Absolutely this. My dh has travelled a lot with work, and jet lag has never affected him doing his bit with the kids. He goes to bed early if needed but that's it. Even after 11hr time differences.

BobShark · 02/05/2023 11:18

Bloody hell, I travel back and forth between London and sydney with an 11 hour time difference and two days is reasonable. Couple of early nights and the rest you just power through. He's taking advantage!
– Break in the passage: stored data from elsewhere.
(* Let $h(x,y)=(y,\,p(y)-\delta x)$ be a normal generalized H\'enon transformation, $\delta\ne0$. Then $h$ is reversible by an involution in $\mathcal G$ (i.e. $h^{-1}=RhR$ for some involution $R\in\mathcal G$) if and only if either $\delta=1$, or $\delta=-1$ and $p$ is an even polynomial.
   Context: $\mathcal G$ is the group of polynomial automorphisms of $\mathbb C^2$. A generalized H\'enon transformation is $h(x,y)=(y,p(y)-\delta x)$ with $\delta\ne0$ and $p$ a polynomial of degree $l\ge2$; it is normal if $p(y)=y^l+O(y^{l-2})$ (monic with vanishing coefficient of $y^{l-1}$). *)

(* C = R[i] for R : realType (the complex numbers). *)
From HB Require Import structures.
From mathcomp Require Import all_boot all_order all_algebra.
From mathcomp Require Import complex.
From mathcomp Require Import reals.
Set Implicit Arguments. Unset Strict Implicit. Unset Printing Implicit Defensive.
Import Order.TTheory GRing.Theory Num.Theory.
Local Open Scope ring_scope.

Section Defs.
Variable K : comNzRingType.

Definition poly_map (F : K * K -> K * K) : Prop :=
  exists P Q : {poly {poly K}},
    forall x y : K, F (x, y) = (P.[x%:P].[y], Q.[x%:P].[y]).

Definition poly_aut (F : K * K -> K * K) : Prop :=
  poly_map F /\ exists G, poly_map G /\ cancel F G /\ cancel G F.

Definition henon (p : {poly K}) (delta : K) (z : K * K) : K * K :=
  (z.2, p.[z.2] - delta * z.1).

(* Normal: p(y) = y^l + O(y^(l-2)), l = deg p >= 2. *)
Definition normal_henon_poly (p : {poly K}) : Prop :=
  (2 < size p)%N /\ p \is monic /\ p`_(size p).-2 = 0.

Definition is_even_poly (p : {poly K}) : Prop := forall y : K, p.[- y] = p.[y].

Definition reversible_by_involution (h : K * K -> K * K) : Prop :=
  exists R : K * K -> K * K,
    poly_aut R /\ (forall z, R (R z) = z) /\
    (forall z, h (R (h (R z))) = z) /\ (forall z, R (h (R (h z))) = z).
End Defs.

From HB Require Import structures.
From mathcomp Require Import all_boot all_order all_algebra.
From mathcomp Require Import complex reals.
From Stdlib Require Import Classical Wf_nat.
From mathcomp Require Import zify ring.
Import Order.TTheory GRing.Theory Num.Theory.
Local Open Scope ring_scope.

(* Let R = (f, g) be a polynomial involution with R h = h^-1 R.  Then
   g = f o h^-1 and p(f) = d (f o h) + g, and R o h, R o h^-1 are such
   involutions again.  For one of minimal total degree deg f + deg g = n + e,
   these relations force f to contain y^n and g to contain x^e, and then
   f (f, g) = x, g (f, g) = y restricted to suitable lines leave n = e = 1.
   An affine R is (x, y) |-> (c + B y, c + B x); comparing the two sides of
   R h = h^-1 R gives d^2 = 1, and for d = -1 also p (c - y) = p y, where
   normality of p forces c = 0.  Conversely (x, y) |-> (y, x) reverses h for
   d = 1, and (x, y) |-> (-y, -x) does for d = -1 and p even. *)

Set Implicit Arguments.
Unset Strict Implicit.
Unset Printing Implicit Defensive.

Lemma ex_minimal (P : nat -> Prop) :
  (exists n, P n) -> exists n, P n /\ forall m, P m -> (n <= m)%N.
Proof.
move=> exP; have [n [[Pn min_n] _]] :=
  dec_inh_nat_subset_has_unique_least_element P (fun n => classic (P n)) exP.
by exists n; split=> // m /min_n /ssrnat.leP.
Qed.

Section Polynomials.
Variable F : numFieldType.
Implicit Types (Q : {poly {poly F}}) (p q u v : {poly F}).

Lemma exists_nonroot p : p != 0 -> exists b, ~~ root p b.
Proof.
move=> nz_p; pose s := [seq i%:R : F | i <- iota 0 (size p)].
suff /hasP [b _ nroot_b] : has (fun b => ~~ root p b) s by exists b.
apply/negPn/negP => /hasPn all_roots.
suff: (size s < size p)%N by rewrite size_map size_iota ltnn.
apply: max_poly_roots nz_p _ _; first by apply/allP => b /all_roots /negPn.
by rewrite map_inj_uniq ?iota_uniq // => i j /eqP; rewrite eqr_nat => /eqP.
Qed.

Lemma eq_poly_horner p q : (forall t, p.[t] = q.[t]) -> p = q.
Proof.
move=> eq_pq; apply/eqP; rewrite -subr_eq0; apply/negPn/negP => /exists_nonroot [b].
by rewrite /root hornerD hornerN eq_pq subrr eqxx.
Qed.

Lemma horner_size2 p y : (size p <= 2)%N -> p.[y] = p`_0 + p`_1 * y.
Proof.
move=> size_p; rewrite (horner_coef_wide _ size_p) !big_ord_recr big_ord0 /=.
by rewrite add0r expr0 mulr1 expr1.
Qed.

(* The (size p - 2)-th derivative r of p is a nonzero multiple of X (its
   constant term is a multiple of p`_(size p).-2), and the symmetry gives
   r 0 = +-r c, whence c = 0. *)
Lemma reflection_center_eq0 p c : (1 < size p)%N -> p`_(size p).-2 = 0 ->
  (forall y, p.[c - y] = p.[y]) -> c = 0.
Proof.
move=> size_p sub0 sym_p; set l := (size p).-1.
have lead_neq0 : p`_l != 0 by rewrite -lead_coefE lead_coef_eq0 -size_poly_gt0 ltnW.
pose q := c%:P - 'X.
have pq : p \Po q = p.
  by apply: eq_poly_horner => t; rewrite horner_comp hornerD hornerN hornerC hornerX sym_p.
have deriv_pq k : (p \Po q)^`(k) = (-1) ^+ k *: (p^`(k) \Po q).
  elim: k => [|k IHk]; first by rewrite !derivn0 expr0 scale1r.
  rewrite derivnS IHk derivZ deriv_comp derivB derivC derivX sub0r mulrN1.
  by rewrite derivnS exprS mulN1r scaleNr scalerN.
have := deriv_pq l.-1; rewrite pq => /(congr1 (horner^~ 0)).
rewrite hornerZ horner_comp hornerD hornerN hornerC hornerX subr0.
set r := p^`(l.-1).
have size_r : (size r <= 2)%N.
  apply/leq_sizeP => j lt_j; rewrite coef_derivn nth_default ?mul0rn //.
  by rewrite /l; move: lt_j size_p; case: (size p) => [|[|[|k]]]; lia.
have r0 : r`_0 = 0 by rewrite coef_derivn addn0 sub0 mul0rn.
have r1 : r`_1 != 0.
  rewrite coef_derivn addn1 prednK; last by rewrite /l ltn_predRL.
  by rewrite mulrn_eq0 (negbTE lead_neq0) orbF -lt0n ffact_gt0 leq_pred.
rewrite !horner_size2 // r0 mulr0 !add0r => /eqP; rewrite eq_sym mulf_eq0 signr_eq0 /=.
by rewrite mulf_eq0 (negbTE r1) => /eqP.
Qed.

Definition horner2 Q (x y : F) := Q.[x%:P].[y].

Lemma horner2E Q x y : horner2 Q x y =
  \sum_(i < size Q) \sum_(j < size Q`_i) Q`_i`_j * x ^+ i * y ^+ j.
Proof.
rewrite /horner2 {1}(horner_coef Q) horner_sum; apply: eq_bigr => i _.
rewrite -rmorphXn hornerM hornerC (horner_coef Q`_i) mulr_suml.
by apply: eq_bigr => j _; rewrite mulrAC.
Qed.

Definition subst2 Q u v : {poly F} :=
  \sum_(i < size Q) \sum_(j < size Q`_i) (Q`_i`_j)%:P * u ^+ i * v ^+ j.

Lemma horner_subst2 Q u v t : (subst2 Q u v).[t] = horner2 Q u.[t] v.[t].
Proof.
rewrite horner2E /subst2 horner_sum; apply: eq_bigr => i _.
rewrite horner_sum; apply: eq_bigr => j _.
by rewrite !hornerM hornerC !horner_exp.
Qed.

Definition comp2 Q (U V : {poly {poly F}}) : {poly {poly F}} :=
  \sum_(i < size Q) \sum_(j < size Q`_i) (Q`_i`_j)%:P%:P * U ^+ i * V ^+ j.

Lemma horner2_comp2 Q U V x y :
  horner2 (comp2 Q U V) x y = horner2 Q (horner2 U x y) (horner2 V x y).
Proof.
rewrite [RHS]horner2E /comp2 /horner2 horner_sum horner_sum; apply: eq_bigr => i _.
rewrite horner_sum horner_sum; apply: eq_bigr => j _.
by rewrite !hornerM !hornerC !horner_exp.
Qed.

Lemma coefM_sizes p q m n : (size p <= m.+1)%N -> (size q <= n.+1)%N ->
  (p * q)`_(m + n) = p`_m * q`_n.
Proof.
move=> sp sq; rewrite coefM (bigD1 (Ordinal (ltn_addr n (ltnSn m)))) //=.
rewrite addKn big1 ?addr0 // => i /eqP ne_im.
have [lt_im | le_mi] := ltnP i m.
  suff -> : q`_(m + n - i) = 0 by rewrite mulr0.
  by apply: (leq_sizeP _ _ sq); lia.
rewrite [p`_ _](leq_sizeP _ _ sp) ?mul0r // ltn_neqAle le_mi andbT.
by apply/eqP => eq_im; apply: ne_im; apply: val_inj.
Qed.

Lemma size_coef_exp_top u m i : (size u <= m.+1)%N ->
  (size (u ^+ i) <= (i * m).+1)%N /\ (u ^+ i)`_(i * m) = u`_m ^+ i.
Proof.
move=> su; elim: i => [|i [IHs IHc]]; first by rewrite !expr0 size_poly1 coef1.
rewrite exprS mulSn; split; last by rewrite coefM_sizes // IHc exprS.
by apply: leq_trans (size_polyMleq _ _) _; move: su IHs; lia.
Qed.

Lemma size_coef_monomial_top (c : F) u v m n (i j : nat) :
  (size u <= m.+1)%N -> (size v <= n.+1)%N ->
  (size (c%:P * u ^+ i * v ^+ j)%R <= (i * m + j * n).+1)%N /\
  (c%:P * u ^+ i * v ^+ j)`_(i * m + j * n) = c * u`_m ^+ i * v`_n ^+ j.
Proof.
move=> su sv; have [s1 c1] := size_coef_exp_top i su.
have [s2 c2] := size_coef_exp_top j sv.
split; last by rewrite -mulrA coefCM coefM_sizes // c1 c2 mulrA.
apply: leq_trans (size_polyMleq _ _) _.
have := size_polyMleq c%:P (u ^+ i); have := size_polyC_leq1 c.
by move: s1 s2; lia.
Qed.

Lemma size_subst2_le Q u v m n w : (size u <= m.+1)%N -> (size v <= n.+1)%N ->
  (forall i j, Q`_i`_j != 0 -> (i * m + j * n <= w)%N) ->
  (size (subst2 Q u v) <= w.+1)%N.
Proof.
move=> su sv le_w; apply/leq_sizeP => k lt_wk; rewrite /subst2 coef_sum big1 // => i _.
rewrite coef_sum big1 // => j _.
have [->|nzQ] := eqVneq Q`_i`_j 0; first by rewrite polyC0 !mul0r coef0.
have [s _] := size_coef_monomial_top Q`_i`_j i j su sv.
by apply: (leq_sizeP _ _ s); have := le_w _ _ nzQ; lia.
Qed.

Lemma sum_ord_if_eq n (G : nat -> F) k : (forall j, (n <= j)%N -> G j = 0) ->
  \sum_(j < n) (if nat_of_ord j == k then G j else 0) = G k.
Proof.
move=> G0; rewrite -big_mkcond /= big_ord1_eq; case: ifP => // /negbT.
by rewrite -leqNgt => /G0 ->.
Qed.

Lemma coef_subst2 Q u v m n w : (size u <= m.+1)%N -> (size v <= n.+1)%N ->
  (forall i j, Q`_i`_j != 0 -> (i * m + j * n <= w)%N) ->
  (subst2 Q u v)`_w = \sum_(i < size Q) \sum_(j < size Q`_i)
     (if (i * m + j * n == w)%N then Q`_i`_j * u`_m ^+ i * v`_n ^+ j else 0).
Proof.
move=> su sv le_w; rewrite /subst2 coef_sum; apply: eq_bigr => i _.
rewrite coef_sum; apply: eq_bigr => j _.
have [->|nzQ] := eqVneq Q`_i`_j 0; first by rewrite polyC0 !mul0r coef0; case: ifP.
have [s c] := size_coef_monomial_top Q`_i`_j i j su sv.
case: eqP => [<- //|ne_w]; apply: (leq_sizeP _ _ s).
by have := le_w _ _ nzQ; move/eqP: ne_w; lia.
Qed.

Lemma coef_subst2_dominant Q u v m n i0 j0 :
  (size u <= m.+1)%N -> (size v <= n.+1)%N ->
  (forall i j, Q`_i`_j != 0 -> (i != i0) || (j != j0) ->
      (i * m + j * n < i0 * m + j0 * n)%N) ->
  (size (subst2 Q u v) <= (i0 * m + j0 * n).+1)%N /\
  (subst2 Q u v)`_(i0 * m + j0 * n) = Q`_i0`_j0 * u`_m ^+ i0 * v`_n ^+ j0.
Proof.
move=> su sv lt_w; set w := (i0 * m + j0 * n)%N.
have le_w i j : Q`_i`_j != 0 -> (i * m + j * n <= w)%N.
  move=> nzQ; case: (boolP ((i != i0) || (j != j0))) => [/(lt_w _ _ nzQ)/ltnW //|].
  by rewrite negb_or !negbK => /andP [/eqP -> /eqP ->].
split; first exact: size_subst2_le su sv le_w.
rewrite (coef_subst2 su sv le_w).
set X := fun i j => Q`_i`_j * u`_m ^+ i * v`_n ^+ j.
transitivity (\sum_(i < size Q) (if nat_of_ord i == i0 then X i j0 else 0)).
  apply: eq_bigr => i _.
  transitivity (\sum_(j < size Q`_i)
      (if nat_of_ord j == j0 then (if nat_of_ord i == i0 then X i j else 0) else 0)).
    apply: eq_bigr => j _.
    have [zQ|nzQ] := eqVneq Q`_i`_j 0.
      by rewrite /X zQ !mul0r; do 3?case: ifP.
    case: (boolP ((i != i0 :> nat) || (j != j0 :> nat))) => [ne_ij|].
      rewrite (ltn_eqF (lt_w _ _ nzQ ne_ij)).
      by move: ne_ij; do 2!case: eqP.
    by rewrite negb_or !negbK => /andP [/eqP ei /eqP ej]; rewrite /w -ei -ej !eqxx.
  rewrite (sum_ord_if_eq (G := fun j => if nat_of_ord i == i0 then X i j else 0)) //.
  by move=> j le_j; case: ifP => //; rewrite /X (nth_default _ le_j) !mul0r.
rewrite (sum_ord_if_eq (G := fun i => X i j0)) //.
by move=> i le_i; rewrite /X (nth_default _ le_i) coef0 !mul0r.
Qed.

Definition tdeg Q : nat := \max_(i < size Q | (Q`_i != 0)%R) (i + (size (Q`_i)%R).-1).

Lemma tdeg0 : tdeg 0 = 0%N.
Proof. by rewrite /tdeg size_poly0 big_ord0. Qed.

Lemma tdeg_ge Q i j : Q`_i`_j != 0 -> (i + j <= tdeg Q)%N.
Proof.
move=> nzQ; have lt_i : (i < size Q)%N.
  by rewrite ltnNge; apply: contra nzQ => /(nth_default 0) ->; rewrite coef0.
have nzQi : Q`_i != 0 by apply: contraNneq nzQ => ->; rewrite coef0.
have lt_j : (j < size (Q`_i)%R)%N by rewrite ltnNge; apply: contra nzQ => /(nth_default 0) ->.
apply: leq_trans (leq_bigmax_cond (Ordinal lt_i) nzQi); rewrite /= leq_add2l.
by rewrite -ltnS prednK // (leq_ltn_trans _ lt_j).
Qed.

Lemma tdeg_attained Q : Q != 0 -> exists i j, Q`_i`_j != 0 /\ (i + j = tdeg Q)%N.
Proof.
move=> nzQ; have lt_last : ((size Q).-1 < size Q)%N by rewrite prednK ?lt0n ?size_poly_eq0.
have nz_last : Q`_(Ordinal lt_last) != 0 by rewrite -lead_coefE lead_coef_eq0.
rewrite /tdeg (bigop.bigmax_eq_arg (Ordinal lt_last)) //; set k := [arg max_(_ > _ | _) _].
have nzQk : Q`_k != 0 by rewrite /k; case: arg_maxnP.
by exists k, (size Q`_k).-1; rewrite -lead_coefE lead_coef_eq0.
Qed.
EveryWitchWaybutLoose · 02/05/2023 11:30

I tend to get straight back to things. A 5 hour time difference really is negligible . I often go straight to work after the red eye beck from the States, then go to bed early and next day I’m pretty much normal.

fUNNYfACE36 · 02/05/2023 11:32

About 5 days for me

Jules912 · 02/05/2023 11:36

My DH travels a lot (mostly to US West coast) and needs to sleep when he gets in but will be mostly fine the next day if he's travelled business class. If he's travelled economy a day or two as he can't sleep in economy (I can't either so I'll give him that). He does try to time return flights to the US night so he actually wants to sleep on them.

seratoninmoonbeams · 02/05/2023 11:39

Endlessdark · 02/05/2023 08:37

Not a peep! He got back Friday morning early (9am). I picked him up and he came home and slept all day while I took the dds to soft play and to a play date. Got home and he got up for an hour then went back to bed around 7pm and slept until 3pm the next day.

😮

Mumoftwoinprimary · 02/05/2023 11:52

My BIL is an ex international sportsman. They were supposed to get one day per hour to adjust (although the sports body was constantly trying to knock it down to save costs).

So if he needs to perform at his best for his Olympic heat then he won’t be able to until tomorrow. If you just need him to change the toddler’s nappy, chuck cheerios at both kids and discuss who is the best character in Thomas the Tanks Engine for an hour - well - I’ve done that having had no sleep at all in the past 48 hours. It’s just parenting.

lunaloveroo · 02/05/2023 12:03

My dh used to work away a lot. If he returned at 9am on a Friday I'd expect that he'd have a few hours sleep, get up and get involved and then have an early night and fully functioning by Saturday morning. Your dh is an arse.